Lemma built_sets_frakC EF EG w : EG \subset powerset V ->
  (built_sets (EF :|: EG) w \in frakC V EF EG) = frakC_event EF EG w.
Proof.
move=> sGV; have sGP : EG \subset Pset V (EF :|: EG).
  apply/subsetP => g gG; rewrite inE -powersetE (subsetP sGV) //=.
  by apply/existsP; exists g; rewrite inE gG orbT subxx.
rewrite inE clique_cover_built_sets subset_built_sets // built_sets_subsetD ?subsetUl //.
rewrite /frakC_event; case Gbuilt: [forall g in EG, _]; rewrite ?andbF //=.
congr (_ && _); apply/forall_inP/forall_inP => [cover e eF | cover e].
  by rewrite cover ?inE ?eF.
case/setUP => [/cover // | eG]; have /existsP[a /eqP ae] := forall_inP Gbuilt e eG.
by apply/existsP; exists a; rewrite ae.
Qed.

Lemma pi_fam_frakC (R : pzRingType) (p : R) EF EG : EG \subset powerset V ->
  pi_fam m p V (EF :|: EG) (frakC V EF EG) = \sum_(w | frakC_event EF EG w) weight p w.
Proof.
move=> sGV; rewrite /pi_fam /Defs.pi (exchange_big_dep predT) //= [RHS]big_mkcond.
have frakC_Pset CC : CC \in frakC V EF EG -> CC \subset Pset V (EF :|: EG).
  by rewrite inE => /and3P[/andP[]].
apply: eq_bigr => w _; rewrite -built_sets_frakC //.
rewrite (eq_bigl (fun CC => (CC == built_sets (EF :|: EG) w) &&
                            (built_sets (EF :|: EG) w \in frakC V EF EG))).
  case: ifP => _; last by rewrite big_pred0 // => CC; rewrite andbF.
  by under eq_bigl do rewrite andbT; rewrite big_pred1_eq.
move=> CC; apply/andP/andP => [[CCfrak] | [/eqP -> Bfrak]].
  by rewrite given_by_built_sets ?frakC_Pset // => /eqP CCB; rewrite -CCB CCfrak.
by rewrite given_by_built_sets ?frakC_Pset ?eqxx.
Qed.

End FrakCEvent.

Section Transfer.

Variables (n m : nat) (V : {set 'I_n}) (s : {set 'I_n} -> {set 'I_n}).
Hypotheses (s_inj : {in powerset V &, injective s})
  (s_sub : {in powerset V, forall T, s T \subset V})
  (s_card : {in powerset V, forall T, #|s T| = #|T|}).
Implicit Types (X : {set 'I_n}) (EF EG : {set {set 'I_n}}) (w : outcome n m).
(* Let $\sigma$ be a strongly erasing $k$-block substitution with $w_\epsilon\ne1^k$ that satisfies the optimality condition. Let $(w^{(n)})_{n\in\mathbb N_0}$ be any sequence of finite binary words. Then there exist $x\in[w^{(0)}]$ and positive integers $h_1,h_2,\dots$ such that $f_\sigma^{h_n}(x)\in[w^{(n)}]$ for every $n\in\mathbb N$.
   Context: Notation: $\mathbb I=[0,1]$. $\{0,1\}^*$ and $\{0,1\}^\omega$ denote finite and infinite binary words, and $\epsilon$ is the empty word. For a word $w$, set $0.w=\sum_iw_i2^{-i}$. For $x\in(0,1]$, $\widetilde x$ is the unique infinite binary expansion of $x$ not ending in $0^\infty$. For $w\in\{0,1\}^*$, the cylinder is $[w]=\{x\in\mathbb I: x=0.wv\text{ for some finite or infinite word } v\}$. Fix $k\ge2$. An erasing $k$-block substitution is a map $\sigma:\{0,1\}^k\to\{0,1\}^*$ with exactly one block $w_\epsilon$ such that $\sigma(w_\epsilon)=\epsilon$. It acts blockwise on infinite words and on finite words of length a multiple of $k$. $k$-rounding: a $k$-rounding of $w$ is any word $wv$ whose length is the least multiple of $k$ that is $\ge|w|$; if $|w|$ is a multiple of $k$, the only $k$-rounding of $w$ is $w$. $\sigma$ is strongly erasing if for every $w\in\{0,1\}^*$ there exist $n\in\mathbb N$ and words $r_0,\dots,r_{n-1}$ such that $r_0$ is a $k$-rounding of $w$, $r_j$ is a $k$-rounding of $\sigma(r_{j-1})$ for $1\le j\le n-1$, and $\sigma(r_{n-1})=\epsilon$. The map $f_\sigma:\mathbb I\to\mathbb I$ is defined by $f_\sigma(x)=0.\sigma(\widetilde x)$ if $x\in(0,1]$ and $\widetilde x\neq w_\epsilon^\infty$, and $f_\sigma(x)=0$ otherwise. Optimality condition: every $w\in\{0,1\}^\omega$ can be written as $w=\prod_{i\ge1}\sigma(b_i)$ with blocks $b_i\in\{0,1\}^k$ satisfying $\sigma(b_i)\ne\epsilon$. *)

From Stdlib Require Import Reals Lra Lia Arith List ClassicalEpsilon.
From Coquelicot Require Import Coquelicot.
Import ListNotations.
Open Scope R_scope.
----------------
**What the task requires:** Each line of the material above that contains the string "move" adds one to the count; report the final count only.

**Task result:** 3